This article is part 4 of the Business Decisions of LLM Model Selection whitepaper series. Other parts: The 2026 LLM market map, Task-based model selection and benchmarks, Cost optimization and routing strategy.
Security, Compliance and Data Residency
When deploying artificial intelligence in a business context, the third — and often most important — dimension alongside performance and cost is security and regulatory compliance. A poorly chosen deployment model not only poses data-protection risks but can also carry legal consequences. In this chapter we review how each provider handles data, what the EU AI Act means for model selection, and how to choose based on sector-specific requirements.
AI Model Data-Handling Models
The table below summarizes the six most common deployment models from the perspective of who processes the data, where the processing takes place, and whether the data is used for further model training.
The most important distinction is that business APIs do not use your data for further model training by default — but this was not always the case, and terms can change. Azure OpenAI and Google Vertex AI have the advantage of letting you choose the data-processing region, so data can be kept within the EU. Mistral is a natively European provider, which is advantageous from a GDPR perspective. A local model provides full control — but at the cost of hardware and maintenance.
EU AI Act Impact on Model Selection (2026)
The EU AI Act is actively in force in 2026 and has a direct impact on how large language models may be used in business environments. The regulation affects model selection in two main areas.

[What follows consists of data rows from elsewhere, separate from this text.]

Lemma polyhedral_envelopes (R : realType) (d : nat) (Y : finType)
    (L : 'rV[R]_d -> Y -> R) :
  (forall y, max_affine (fun u => L u y)) ->
  exists n (ab : Y -> 'I_n -> 'rV[R]_d * R),
    forall y, affine_envelope (ab y) (fun u => L u y).
Proof.
move=> L_max.
have {}L_max y : exists z : ('rV[R]_d * R) * seq ('rV[R]_d * R), forall u,
    L u y = \big[Num.max/affine_eval z.1 u]_(ab <- z.2) affine_eval ab u.
  by have [ab0 [s L_eq]] := L_max y; exists (ab0, s).
have [z z_spec] := choice L_max.
exists (\max_y size (z y).2).+1, (fun y i => nth (z y).1 ((z y).1 :: (z y).2) i).
by move=> y; apply: max_affine_envelope_nth (z_spec y) _; rewrite ltnS leq_bigmax.
Qed.

Section ExpectedLoss.
Variables (R : realType) (d : nat) (Y I : finType).
Variables (ab : Y -> I -> 'rV[R]_d * R) (L : 'rV[R]_d -> Y -> R) (p : Y -> R).
Hypothesis L_env : forall y, affine_envelope (ab y) (fun u => L u y).
Hypothesis p_ge0 : forall y, 0 <= p y.

Definition mixed_piece (k : {ffun Y -> I}) : 'rV[R]_d * R :=
  (\sum_y p y *: (ab y (k y)).1, \sum_y p y * (ab y (k y)).2).

Definition pattern u : {set Y * I} :=
  [set x | affine_eval (ab x.1 x.2) u == L u x.1].

Lemma affine_eval_mixed k u :
  affine_eval (mixed_piece k) u = \sum_y p y * affine_eval (ab y (k y)) u.
Proof.
rewrite /affine_eval /= dotv_suml -big_split /=.
by apply: eq_bigr => y _; rewrite mulrDr.
Qed.

Lemma exp_loss_envelope : affine_envelope mixed_piece (exp_loss L p).
Proof.
split=> [k u|u].
  rewrite affine_eval_mixed; apply: ler_sum => y _.
  by apply: ler_wpM2l => //; apply: (L_env y).1.
have [k k_active] := choice (fun y => (L_env y).2 u).
exists [ffun y => k y]; rewrite affine_eval_mixed.
by apply: eq_bigr => y _; rewrite ffunE k_active.
Qed.

Lemma mem_active_exp_loss u k :
  (k \in active mixed_piece (exp_loss L p) u) =
  [forall y, (p y == 0) || ((y, k y) \in pattern u)].
Proof.
rewrite inE affine_eval_mixed /exp_loss eq_sym -subr_eq0 -sumrB.
have gap_ge0 y : 0 <= p y * L u y - p y * affine_eval (ab y (k y)) u.
  by rewrite -mulrBr mulr_ge0 // subr_ge0 (L_env y).1.
apply/eqP/forallP => [gaps0 y | all_active].
  have := @psumr_eq0P _ _ xpredT _ (fun y _ => gap_ge0 y) gaps0 y isT.
  by rewrite -mulrBr inE /= => /eqP; rewrite mulf_eq0 subr_eq0 [L u y == _]eq_sym.
apply: big1 => y _; have /orP[/eqP ->|] := all_active y.
  by rewrite !mul0r subrr.
by rewrite inE => /eqP ->; rewrite subrr.
Qed.

Lemma prop_pattern_closed u v :
  pattern v = pattern u -> prop L p u -> prop L p v.
Proof.
move=> eq_pat u_min; apply: (argmin_active_closed exp_loss_envelope u_min).
by apply/setP => k; rewrite !mem_active_exp_loss eq_pat.
Qed.

End ExpectedLoss.

Theorem lemma2 (R : realType) (d : nat) (Y : finType)
    (L : 'rV[R]_d -> Y -> R) :
  polyhedral L ->
  minimizable L /\
  finite_set [set prop L p | p in simplex] /\
  (forall p, simplex p -> polyhedron (prop L p)).
Proof.
case=> L_ge0 /polyhedral_envelopes[n [ab L_env]].
have env p : simplex p -> affine_envelope (mixed_piece ab p) (exp_loss L p).
  by case=> p_ge0 _; exact: exp_loss_envelope.
have exp_loss_min p : simplex p ->
    exists u, forall w, exp_loss L p u <= exp_loss L p w.
  move=> Dp; apply: (envelope_attains_min (env p Dp) (m0 := 0)) => u.
  by apply: sumr_ge0 => y _; rewrite mulr_ge0 ?L_ge0 ?Dp.1.
split; first exact: exp_loss_min.
split.
  apply: (finite_saturated_family (cls := pattern ab L)) => p u v [p_ge0 _].
  exact: prop_pattern_closed.
move=> p Dp; have [u u_min] := exp_loss_min p Dp.
rewrite /prop (argmin_set_sublevel u_min).
exact: (envelope_sublevel_polyhedron (env p Dp)).
Qed.
(* Let $G=GL(\infty,F_2)\ltimes F_2^\infty$. For $g\in GL(\infty,F_2)$ let $f_g=\frac{1}{\#R(g-I)}\sum_{v\in R(g-I)}u_v\in L(F_2^\infty)$, where $R(g-I)$ is the (finite) range of $g-I$. Let $\mathcal M_{exo}$ be the von Neumann subalgebra of $L(G)$ generated by $L(F_2^\infty)$ together with the elements $u_gf_g$, $g\in GL(\infty,F_2)$. Then $\mathcal M_{exo}$ is a $G$-invariant von Neumann subalgebra of $L(G)$ which is not of the form $L(N)$ for any normal subgroup $N\trianglelefteq G$.
   Context: For a countable discrete group $G$, $L(G)$ is the group von Neumann algebra generated by the left regular unitaries $u_g$ on $\ell^2(G)$; for a subgroup $N$, $L(N)$ is the von Neumann subalgebra generated by $\{u_g:g\in N\}$. A von Neumann subalgebra $\mathcal M\subseteq L(G)$ is $G$-invariant if $u_g\mathcal M u_g^*\subseteq\mathcal M$ for all $g\in G$. $F_2$ is the field with two elements and $F_2^\infty=\bigoplus_{\mathbb N}F_2$ is the space of finitely supported column vectors, regarded as an abelian group under addition. $GL(\infty,F_2)$ is the group of invertible $\mathbb N\times\mathbb N$ matrices $M$ over $F_2$ with $M_{ij}\neq\delta_{ij}$ for only finitely many $(i,j)$, acting on $F_2^\infty$ by matrix multiplication; $I$ is the identity matrix. $G=GL(\infty,F_2)\ltimes F_2^\infty$ is the semidirect product with $gvg^{-1}=g(v)$. *)

From HB Require Import structures.
From mathcomp Require Import all_boot all_order all_algebra finmap.
From mathcomp Require Import boolp reals.
From mathcomp.real_closed Require Import complex.

Set Implicit Arguments.
Unset Strict Implicit.
Unset Printing Implicit Defensive.
Import Order.TTheory GRing.Theory Num.Theory.

Local Open Scope fset_scope.

(* A finitely supported column vector v in F_2^oo is represented by its
   (finite) support { i | v_i = 1 }. *)
Definition vec := {fset nat}.

(* An N x N matrix M over F_2 with M_ij <> delta_ij for only finitely many
   (i,j) is represented by the finite set D of positions (i,j) where
   M_ij <> delta_ij, i.e. M = I + D (entrywise over F_2). *)
Definition mat := {fset (nat * nat)}.

(* symmetric difference = addition over F_2 *)
Definition symd (K : choiceType) (A B : {fset K}) : {fset K} :=
  (A `\` B) `|` (B `\` A).

(* (M - I) w = D w, computed entrywise: (D w)_i = sum_j D_ij w_j  (mod 2) *)
Definition Dapply (D : mat) (w : vec) : vec :=
  [fset i in [fset p.1 | p in D] |
     odd (count (fun j => (i, j) \in D) (enum_fset w))].
Lemma uniq_NoDup (T : eqType) (l : seq T) : uniq l -> NoDup l.
Proof.
elim: l => [|y l IHl] /=; first by constructor.
by case/andP=> yl ul; constructor; [move/In_mem; apply/negP | exact: IHl].
Qed.

Lemma cancel_sandwich (S : Type) (op : S -> S -> S) (z : S) s t t' :
  cancellative op z -> s <> z -> op s t <> z ->
  op (op s t) s = s -> op (op s t') s = s -> t = t'.
Proof.
case=> cancelr cancell s0 st sts st's.
by apply: (cancell _ _ s st); apply: (cancelr _ _ s); rewrite ?sts ?st's.
Qed.

Lemma in_prod_mul (R : zmodType) (mul : R -> R -> R) (P Q : R -> Prop) a b :
  P a -> Q b -> in_prod mul P Q (mul a b).
Proof.
by move=> Pa Qb; exists [:: (a, b)]; split=> [p [<- | []] | ]; rewrite ?big_seq1.
Qed.

Section Rng.

Variables (R : zmodType) (mul : R -> R -> R).
Hypothesis mulR : is_rng mul.

Lemma rng_mulA x y w : mul x (mul y w) = mul (mul x y) w.
Proof. by case: mulR. Qed.

Lemma rng_mul0l x : mul 0 x = 0.
Proof. by case: mulR => _ mulDl _; apply: (addrI (mul 0 x)); rewrite -mulDl !addr0. Qed.

Lemma rng_mul0r x : mul x 0 = 0.
Proof. by case: mulR => _ _ mulDr; apply: (addrI (mul x 0)); rewrite -mulDr !addr0. Qed.

Lemma rng_mul_suml (I : Type) (r : seq I) (P : pred I) (F : I -> R) y :
  mul (\sum_(i <- r | P i) F i) y = \sum_(i <- r | P i) mul (F i) y.
Proof.
apply: (big_morph (mul^~ y)); last exact: rng_mul0l.
by case: mulR => _ mulDl _ a b; rewrite mulDl.
Qed.

Lemma rng_mul_sumr (I : Type) (r : seq I) (P : pred I) (F : I -> R) y :
  mul y (\sum_(i <- r | P i) F i) = \sum_(i <- r | P i) mul y (F i).
Proof.
apply: (big_morph (mul y)); last exact: rng_mul0r.
by case: mulR => _ _ mulDr a b; rewrite mulDr.
Qed.

Section Graded.

Variables (S : eqType) (op : S -> S -> S) (z : S) (Rg : S -> R -> Prop).
Hypothesis gradedR : graded_inducing mul op z Rg.

Lemma Rg0 s : Rg s 0.
Proof. by case: gradedR => /(_ s)[]. Qed.

Lemma Rg_sub s x y : Rg s x -> Rg s y -> Rg s (x - y).
Proof. by case: gradedR => /(_ s)[_ sub] _; apply: sub. Qed.

Lemma Rg_opp s x : Rg s x -> Rg s (- x).
Proof. by move=> xs; rewrite -sub0r; apply: Rg_sub (Rg0 s) xs. Qed.

Lemma Rg_add s x y : Rg s x -> Rg s y -> Rg s (x + y).
Proof. by move=> xs ys; rewrite -[y]opprK; apply: Rg_sub xs (Rg_opp ys). Qed.

Lemma Rg_sum s (I : Type) (r : seq I) (P : pred I) (F : I -> R) :
  (forall i, P i -> Rg s (F i)) -> Rg s (\sum_(i <- r | P i) F i).
Proof. by move=> homF; apply: big_ind => //; [exact: Rg0 | exact: Rg_add]. Qed.

Lemma Rg_mul s t a b : Rg s a -> Rg t b -> Rg (op s t) (mul a b).
Proof. by case: gradedR => _ [_ [_ [_ [hommul _]]]]; apply: hommul. Qed.

Lemma Rgz_eq0 x : Rg z x -> x = 0.
Proof. by case: gradedR => _ [Rgz _]; apply: Rgz. Qed.

Lemma Rg_neq0_degree s x : Rg s x -> x != 0 -> s <> z.
Proof. by move=> xs /eqP x0 sz; apply/x0/Rgz_eq0; rewrite -sz. Qed.

Lemma Rg_nonzero s : s <> z -> exists2 x, Rg s x & x != 0.
Proof.
case: gradedR => _ [_ [_ [_ [_ /(_ s) support]]]].
by case/support=> x [xs /eqP x0]; exists x.
Qed.

Lemma Rg_mul_eq0 s t a b : op s t = z -> Rg s a -> Rg t b -> mul a b = 0.
Proof. by move=> stz sa tb; apply: Rgz_eq0; rewrite -stz; apply: Rg_mul. Qed.

Lemma Rg_decomposition x :
  exists (l : seq S) (c : S -> R), (forall s, Rg s (c s)) /\ x = \sum_(s <- l) c s.
Proof.
case: gradedR => _ [_ [/(_ x) decomp _]].
by have [l [c [_ [homc ->]]]] := decomp; exists l, c.
Qed.

Lemma Rg_sum_direct (l : seq S) (c : S -> R) : uniq l ->
  (forall s, s \in l -> Rg s (c s)) -> \sum_(s <- l) c s = 0 ->
  forall s, s \in l -> c s = 0.
Proof.
move=> ul homc sum0 s sl; case: gradedR => _ [_ [_ [direct _]]].
apply: (direct l) => //; first exact: uniq_NoDup.
- by move=> t /In_mem/homc.
- exact/In_mem.
Qed.

Lemma homogeneous_sum_eq0 (l : seq (S * R)) :
  (forall p, p \in l -> Rg p.1 p.2) -> \sum_(p <- l) p.2 = 0 ->
  forall u, \sum_(p <- l | p.1 == u) p.2 = 0.
Proof.
move=> homl suml0 u.
pose c v := \sum_(p <- l | p.1 == v) p.2.
have Rg_c v : Rg v (c v).
  by rewrite /c big_seq_cond; apply: Rg_sum => p /andP[/homl + /eqP <-].
pose degs := undup (map fst l).
have sum_c : \sum_(v <- degs) c v = 0.
  rewrite /c (exchange_big_dep xpredT) //= -[RHS]suml0; apply: eq_big_seq => p pl.
  rewrite (eq_bigl (pred1 p.1)) => [|v]; last by rewrite /= eq_sym.
  by rewrite big_const_seq count_uniq_mem ?undup_uniq // mem_undup map_f //= addr0.
have [u_deg | u_deg] := boolP (u \in degs).
  exact: Rg_sum_direct (undup_uniq _) (fun v _ => Rg_c v) sum_c _ u_deg.
rewrite big_seq_cond big1 // => p /andP[pl /eqP pu].
by move: u_deg; rewrite -pu mem_undup map_f.
Qed.

Lemma Rg_degree_unique s t x : x != 0 -> Rg s x -> Rg t x -> s = t.
Proof.
move=> x0 xs xt; apply/eqP; apply: contraNT x0 => st.
pose l := [:: (s, x); (t, - x)].
have homl p : p \in l -> Rg p.1 p.2.
  by rewrite !inE => /predU1P[-> | /eqP->] //; exact: Rg_opp.
have suml0 : \sum_(p <- l) p.2 = 0 by rewrite !big_cons big_nil addr0 subrr.
move: (homogeneous_sum_eq0 homl suml0 s).
by rewrite !big_cons big_nil /= eqxx eq_sym (negbTE st) !addr0 => ->.
Qed.

Lemma Rg_mul_degree s t u a b c : Rg s a -> Rg t b -> Rg u c -> c != 0 ->
  mul a b = c -> op s t = u.
Proof.
move=> sa tb uc c0 abc; rewrite -abc in c0 uc.
exact: Rg_degree_unique c0 (Rg_mul sa tb) uc.
Qed.

Lemma regular_degree_sum s x (l : seq S) (c : S -> R) :
  Rg s x -> (forall t, Rg t (c t)) -> mul (mul x (\sum_(t <- l) c t)) x = x ->
  x = \sum_(t <- l | op (op s t) s == s) mul (mul x (c t)) x.
Proof.
move=> xs homc xrx.
have xE : x = \sum_(t <- l) mul (mul x (c t)) x.
  by rewrite -{1}xrx rng_mul_sumr rng_mul_suml.
pose terms := (s, x) :: [seq (op (op s t) s, - mul (mul x (c t)) x) | t <- l].
have hom_terms p : p \in terms -> Rg p.1 p.2.
  rewrite inE => /predU1P[-> // | /mapP[t _ ->]] /=.
  exact/Rg_opp/(Rg_mul _ xs)/(Rg_mul xs).
have sum0 : \sum_(p <- terms) p.2 = 0 by rewrite big_cons big_map sumrN -xE subrr.
move: (homogeneous_sum_eq0 hom_terms sum0 s).
by rewrite big_cons eqxx big_map sumrN => /subr0_eq.
Qed.

Lemma reflexive_inverse s t x y : Rg s x -> Rg t y -> mul (mul x y) x = x ->
  exists2 y', Rg (op (op t s) t) y' & mul (mul x y') x = x /\ mul (mul y' x) y' = y'.
Proof.
move=> xs yt xyx; exists (mul (mul y x) y); first exact/(Rg_mul _ yt)/(Rg_mul yt).
have yx_idem : mul (mul y x) (mul y x) = mul y x by rewrite -rng_mulA (rng_mulA x) xyx.
split; first by rewrite !rng_mulA xyx xyx.
by rewrite -(rng_mulA (mul y x)) yx_idem rng_mulA yx_idem.
Qed.

Lemma lri_inverse_of_reflexive s t x y : Rg s x -> Rg t y -> x != 0 ->
  mul (mul x y) x = x -> mul (mul y x) y = y -> lri_inverse op s t.
Proof.
move=> xs yt x0 xyx yxy.
have xy0 : mul x y != 0 by apply: contraNneq x0 => xy0; rewrite -xyx xy0 rng_mul0l.
have yx0 : mul y x != 0.
  by apply: contraNneq x0 => yx0; rewrite -xyx -rng_mulA yx0 rng_mul0r.
have y0 : y != 0 by apply: contraNneq x0 => y0; rewrite -xyx y0 rng_mul0r rng_mul0l.
have xys := Rg_mul xs yt; have yxt := Rg_mul yt xs.
exists (op s t), (op t s); split=> //.
- by apply: (Rg_mul_degree xys xys xys xy0); rewrite rng_mulA xyx.
- by apply: (Rg_mul_degree yxt yxt yxt yx0); rewrite rng_mulA yxy.
- split; first exact: (Rg_mul_degree xys xs xs x0 xyx).
  by apply: (Rg_mul_degree xs yxt xs x0); rewrite rng_mulA.
- split; first exact: (Rg_mul_degree yxt yt yt y0 yxy).
  by apply: (Rg_mul_degree yt xys yt y0); rewrite rng_mulA.
Qed.

Section Regular.

Hypotheses (zabs : absorbing op z) (cancelS : cancellative op z).
Hypothesis regularR : graded_vN_regular mul Rg.

Lemma regular_component s t x (l : seq S) (c : S -> R) :
  Rg s x -> x != 0 -> (forall t', Rg t' (c t')) ->
  mul (mul x (\sum_(t' <- l) c t')) x = x ->
  op (op s t) s = s -> op s t <> z ->
  mul (mul x (\sum_(t' <- l | t' == t) c t')) x = x.
Proof.
move=> xs x0 homc xrx sts st; have s0 := Rg_neq0_degree xs x0.
rewrite rng_mul_sumr rng_mul_suml [RHS](regular_degree_sum xs homc xrx).
rewrite [LHS]big_mkcond [RHS]big_mkcond; apply: eq_bigr => t' _.
have [-> | t't] := eqVneq t' t; first by rewrite sts eqxx.
case: eqP => // st's; have [st'z | /eqP st'] := eqVneq (op s t') z.
  by rewrite (Rg_mul_eq0 st'z xs (homc t')) rng_mul0l.
by case/eqP: t't; apply: cancel_sandwich cancelS s0 st' st's sts.
Qed.

Lemma regular_homogeneous_inverse s t x : Rg s x -> x != 0 ->
  op (op s t) s = s -> op s t <> z -> exists2 y, Rg t y & mul (mul x y) x = x.
Proof.
move=> xs x0 sts st; have [r xrx] := regularR xs.
have [l [c [homc rE]]] := Rg_decomposition r.
exists (\sum_(t' <- l | t' == t) c t'); first by apply: Rg_sum => t' /eqP <-.
by apply: regular_component sts st => //; rewrite -rE -xrx.
Qed.

Lemma regular_degree_exists s x : Rg s x -> x != 0 ->
  exists t, op (op s t) s = s /\ op s t <> z.
Proof.
move=> xs x0; have [r xrx] := regularR xs.
have [l [c [homc rE]]] := Rg_decomposition r.
move: xrx; rewrite rE => /esym/(regular_degree_sum xs homc) xE.
have [/hasP[t _ /andP[/eqP sts /eqP st]] | /hasPn none] :=
  boolP (has (fun t => (op (op s t) s == s) && (op s t != z)) l); first by exists t.
move/eqP: x0; rewrite xE big_seq_cond big1 // => t /andP[tl sts].
move: (none t tl); rewrite sts negbK => /eqP stz.
by rewrite (Rg_mul_eq0 stz xs (homc t)) rng_mul0l.
Qed.

Lemma graded_regular_LRI : LRI op.
Proof.
move=> s; have [-> | /eqP s0] := eqVneq s z.
  by exists z, z, z; rewrite /idempotent (zabs z).1.
have [x xs x0] := Rg_nonzero s0.
have [t [sts st]] := regular_degree_exists xs x0.
have [y yt xyx] := regular_homogeneous_inverse xs x0 sts st.
have [y' y't [xy'x y'xy']] := reflexive_inverse xs yt xyx.
by exists (op (op t s) t); apply: lri_inverse_of_reflexive xs y't x0 xy'x y'xy'.
Qed.

Lemma graded_regular_epsilon s s' : lri_inverse op s s' -> forall x, Rg s x ->
  exists eps eps', in_prod mul (Rg s) (Rg s') eps /\
    in_prod mul (Rg s') (Rg s) eps' /\ mul eps x = x /\ mul x eps' = x.
Proof.
move=> [e [f [_ _ [es _] _ [ss' _]]]] x xs.
have [y ys' xyx] : exists2 y, Rg s' y & mul (mul x y) x = x.
  have [-> | x0] := eqVneq x 0; first by exists 0; [exact: Rg0 | rewrite !rng_mul0l].
  have s0 := Rg_neq0_degree xs x0.
  apply: (regular_homogeneous_inverse xs x0); rewrite ss'; first exact: es.
  by move=> ez; apply: s0; rewrite -es ez (zabs s).1.
exists (mul x y), (mul y x).
split; first exact: in_prod_mul.
split; first exact: in_prod_mul.
by split; last rewrite rng_mulA.
Qed.

End Regular.

End Graded.

End Rng.

Theorem proposition4p7 (R : zmodType) (mul : R -> R -> R)
  (S : Type) (op : S -> S -> S) (z : S) (Rg : S -> R -> Prop) :
  is_rng mul -> absorbing op z -> graded_inducing mul op z Rg ->
  cancellative op z -> graded_vN_regular mul Rg ->
  nearly_epsilon_strongly_graded mul op Rg.
Proof.
move=> mulR zabs gradedR cancelS regularR; split.
  exact: (@graded_regular_LRI _ _ mulR {classic S} _ _ _ gradedR).
exact: (@graded_regular_epsilon _ _ mulR {classic S} _ _ _ gradedR).
Qed.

High-risk applications (healthcare, employment, credit scoring):
- Mandatory human oversight — The model may only provide suggestions; it may not make autonomous decisions. This means the AI system's output must always be reviewed by a human decision-maker who approves or overrides it.
- Transparency — The user must know they are communicating with an artificial intelligence. This is especially important in chatbot and customer-service applications where the user may assume a natural human interaction.
- Documentation — The AI decision chain must be auditable. All inputs, outputs and the logic applied by the model must be logged so that the reasoning behind any given suggestion can be traced after the fact.
- Model selection consequence — Documented, auditable models should be preferred. The OpenAI and Anthropic enterprise APIs come with audit logs that meet these requirements. For local models, logging must be implemented by the operator.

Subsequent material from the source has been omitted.